The battle over New York state’s proposed “at-rest” legislation for wine and spirits is heating up. State legislators, led by state senate co-leader Jeff Klein, are considering a bill to require wine and spirits sold in New York to be warehoused in the state for at least 24 hours. Many small to mid-size wholesalers currently use less expensive warehousing options in New Jersey.

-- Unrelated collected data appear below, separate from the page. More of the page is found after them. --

(* For every $\varphi\in\mathcal{L}_{APAL_{int}}$ and every maximally consistent theory $x$ of $APAL_{int}$: $\Box\varphi\in x$ iff $[\psi]\varphi\in x$ for all $\psi\in\mathcal{L}_{PAL_{int}}$.
   Context: $\mathcal{L}_{APAL_{int}}$: $\varphi ::= p \mid \neg\varphi \mid \varphi\wedge\varphi \mid K_i\varphi \mid \mathrm{int}(\varphi)\mid [\varphi]\varphi\mid\Box\varphi$ over a countable $\mathit{Prop}$ and finite non-empty agent set $\mathcal{A}$; $\mathcal{L}_{PAL_{int}}$ its $\Box$-free fragment; $\bot:=p\wedge\neg p$. Necessity forms: $\xi(\sharp)::=\sharp\mid\varphi\to\xi(\sharp)\mid K_i\xi(\sharp)\mid\mathrm{int}(\xi(\sharp))\mid[\varphi]\xi(\sharp)$. $APAL_{int}$: axioms: propositional tautologies; $K_i(\varphi\to\psi)\to(K_i\varphi\to K_i\psi)$; $K_i\varphi\to\varphi$; $K_i\varphi\to K_iK_i\varphi$; $\neg K_i\varphi\to K_i\neg K_i\varphi$; $\mathrm{int}(\varphi\to\psi)\to(\mathrm{int}(\varphi)\to\mathrm{int}(\psi))$; $\mathrm{int}(\varphi)\to\varphi$; $\mathrm{int}(\varphi)\to\mathrm{int}(\mathrm{int}(\varphi))$; $K_i\varphi\to\mathrm{int}(\varphi)$; $[\varphi]p\leftrightarrow(\mathrm{int}(\varphi)\to p)$; $[\varphi]\neg\psi\leftrightarrow(\mathrm{int}(\varphi)\to\neg[\varphi]\psi)$; $[\varphi](\psi\wedge\chi)\leftrightarrow[\varphi]\psi\wedge[\varphi]\chi$; $[\varphi]\mathrm{int}(\psi)\leftrightarrow(\mathrm{int}(\varphi)\to\mathrm{int}([\varphi]\psi))$; $[\varphi]K_i\psi\leftrightarrow(\mathrm{int}(\varphi)\to K_i[\varphi]\psi)$; $[\varphi][\psi]\chi\leftrightarrow[\neg[\varphi]\neg\mathrm{int}(\psi)]\chi$; (R7) $\Box\varphi\to[\chi]\varphi$ ($\chi\in\mathcal{L}_{PAL_{int}}$). Rules: modus ponens; from $\varphi$ infer $K_i\varphi$; from $\varphi$ infer $\mathrm{int}(\varphi)$; from $\varphi$ infer $[\psi]\varphi$; (DR5) from $\xi([\psi]\chi)$ for all $\psi\in\mathcal{L}_{PAL_{int}}$ infer $\xi(\Box\chi)$. A theory is a set of formulas containing all theorems of $APAL_{int}$ and closed under modus ponens and (DR5); it is consistent iff $\bot\notin$ it; a set of formulas is consistent iff contained in a consistent theory; a theory is maximally consistent iff it is consistent and every set properly containing it is inconsistent. *)

From Stdlib Require Import List.
Set Implicit Arguments.

Section Syntax.
Variable Ag : Type.

Inductive form : Type :=
| Var : nat -> form
| Neg : form -> form
| And : form -> form -> form
| K : Ag -> form -> form
| Int : form -> form
| Ann : form -> form -> form   (* [phi] psi *)
| Box : form -> form.

(* L_PAL_int: the Box-free fragment *)
Fixpoint box_free (f : form) : Prop :=
  match f with
  | Var _ => True
  | Neg a => box_free a
  | And a b => box_free a /\ box_free b
  | K _ a => box_free a
  | Int a => box_free a
  | Ann a b => box_free a /\ box_free b
  | Box _ => False
  end.

Definition Bot : form := And (Var 0) (Neg (Var 0)).
Definition Imp (a b : form) : form := Neg (And a (Neg b)).
Definition Iff (a b : form) : form := And (Imp a b) (Imp b a).

(* Propositional tautology (instance): true under every Boolean valuation that
   treats all non-(Neg/And)-headed subformulas as atoms. *)
Fixpoint peval (v : form -> bool) (f : form) : bool :=
  match f with
  | Neg a => negb (peval v a)
  | And a b => andb (peval v a) (peval v b)
  | _ => v f
  end.
Definition taut (f : form) : Prop := forall v, peval v f = true.

Inductive nform : Type :=
| NHole : nform
| NImp : form -> nform -> nform
| NK : Ag -> nform -> nform
| NInt : nform -> nform
| NAnn : form -> nform -> nform.

Fixpoint nfill (x : nform) (s : form) : form :=
  match x with
  | NHole => s
  | NImp a x' => Imp a (nfill x' s)
  | NK i x' => K i (nfill x' s)
  | NInt x' => Int (nfill x' s)
  | NAnn a x' => Ann a (nfill x' s)
  end.

Inductive thm : form -> Prop :=
| Ax_taut : forall f, taut f -> thm f
| Ax_K : forall i a b, thm (Imp (K i (Imp a b)) (Imp (K i a) (K i b)))
| Ax_T : forall i a, thm (Imp (K i a) a)
| Ax_4 : forall i a, thm (Imp (K i a) (K i (K i a)))
| Ax_5 : forall i a, thm (Imp (Neg (K i a)) (K i (Neg (K i a))))
| Ax_intK : forall a b, thm (Imp (Int (Imp a b)) (Imp (Int a) (Int b)))
| Ax_intT : forall a, thm (Imp (Int a) a)
| Ax_int4 : forall a, thm (Imp (Int a) (Int (Int a)))
| Ax_Kint : forall i a, thm (Imp (K i a) (Int a))
| Ax_R1 : forall a p, thm (Iff (Ann a (Var p)) (Imp (Int a) (Var p)))
| Ax_R2 : forall a b, thm (Iff (Ann a (Neg b)) (Imp (Int a) (Neg (Ann a b))))
| Ax_R3 : forall a b c, thm (Iff (Ann a (And b c)) (And (Ann a b) (Ann a c)))
| Ax_R4 : forall a b, thm (Iff (Ann a (Int b)) (Imp (Int a) (Int (Ann a b))))
| Ax_R5 : forall i a b, thm (Iff (Ann a (K i b)) (Imp (Int a) (K i (Ann a b))))
| Ax_R6 : forall a b c,
    thm (Iff (Ann a (Ann b c)) (Ann (Neg (Ann a (Neg (Int b)))) c))
| Ax_R7 : forall a c, box_free c -> thm (Imp (Box a) (Ann c a))
| R_MP : forall a b, thm (Imp a b) -> thm a -> thm b
| R_NecK : forall i a, thm a -> thm (K i a)
| R_NecInt : forall a, thm a -> thm (Int a)
| R_NecAnn : forall a b, thm a -> thm (Ann b a)
| R_DR5 : forall x c,
    (forall p, box_free p -> thm (nfill x (Ann p c))) -> thm (nfill x (Box c)).

Definition theory (T : form -> Prop) : Prop :=
  (forall f, thm f -> T f) /\
  (forall a b, T (Imp a b) -> T a -> T b) /\
  (forall x c, (forall p, box_free p -> T (nfill x (Ann p c))) -> T (nfill x (Box c))).

Definition consistent_theory (T : form -> Prop) : Prop := theory T /\ ~ T Bot.

Definition consistent_set (S : form -> Prop) : Prop :=
  exists T, consistent_theory T /\ (forall f, S f -> T f).

Definition max_consistent (T : form -> Prop) : Prop :=
  consistent_theory T /\
  forall S : form -> Prop,
    (forall f, T f -> S f) -> (exists f, S f /\ ~ T f) -> ~ consistent_set S.

End Syntax.

(* Only the closure conditions of a theory are needed: axiom (R7) with modus
   ponens gives one direction, and the rule (DR5) instantiated at the trivial
   necessity form gives the other. *)
From Stdlib Require Import List.

Section TheoryBox.
Context {Ag : Type} {T : form Ag -> Prop}.
Hypothesis T_theory : theory T.

Lemma theory_Ann_of_Box {phi psi : form Ag} :
  box_free psi -> T (Box phi) -> T (Ann psi phi).
Proof.
  destruct T_theory as [T_thm [T_mp _]].
  intros Hpsi Hbox.
  apply (T_mp (Box phi)); [apply T_thm, Ax_R7, Hpsi | exact Hbox].
Qed.

Lemma theory_Box_of_Ann (phi : form Ag) :
  (forall psi, box_free psi -> T (Ann psi phi)) -> T (Box phi).
Proof.
  destruct T_theory as [_ [_ T_dr5]].
  exact (T_dr5 (NHole Ag) phi).
Qed.

Lemma theory_BoxE (phi : form Ag) :
  T (Box phi) <-> forall psi, box_free psi -> T (Ann psi phi).
Proof.
  split.
  - intros Hbox psi Hpsi; exact (theory_Ann_of_Box Hpsi Hbox).
  - exact (theory_Box_of_Ann phi).
Qed.

End TheoryBox.

Lemma max_consistent_theory {Ag : Type} {x : form Ag -> Prop} :
  max_consistent x -> theory x.
Proof. intros [[Hx _] _]; exact Hx. Qed.

Theorem mainTheorem20 (Ag : Type)
  (Hfin : exists l : list Ag, forall i : Ag, In i l) (Hne : inhabited Ag)
  (phi : form Ag) (x : form Ag -> Prop) :
  max_consistent x ->
  (x (Box phi) <-> forall psi : form Ag, box_free psi -> x (Ann psi phi)).
Proof.
  intros Hx.
  exact (theory_BoxE (max_consistent_theory Hx) phi).
Qed.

They say the new proposal would not only hurt their businesses but also raise wine and spirits prices in the state by around $2 a bottle.

Connie Oehmler of New York’s Verity Wine Partners, a distributor with 45 employees, told both the New York Post and Daily News that the proposed bill will benefit the metro area’s top two wholesalers—Empire Wine Merchants and Southern Wine & Spirits—but likely put Verity out of business, along with creating a tougher climate for nearly 200 other smaller distributors.

Empire and Southern haven’t taken a public position on the bill, nor has Governor Andrew Cuomo—whose administration has directed the Empire State Development agency to review the issue, according to the Daily News—but the Teamsters union is lining up in favor of “at-rest” legislation, saying that it could create up to 1,000 jobs in New York.

“At-rest” bills have been unveiled before in New York’s state legislature only to lose steam. A spokesman for Senator Klein told the Daily News that the most recent effort would protect New York warehouse jobs and put the state on equal footing with other states, 33 of which have similar laws on the books.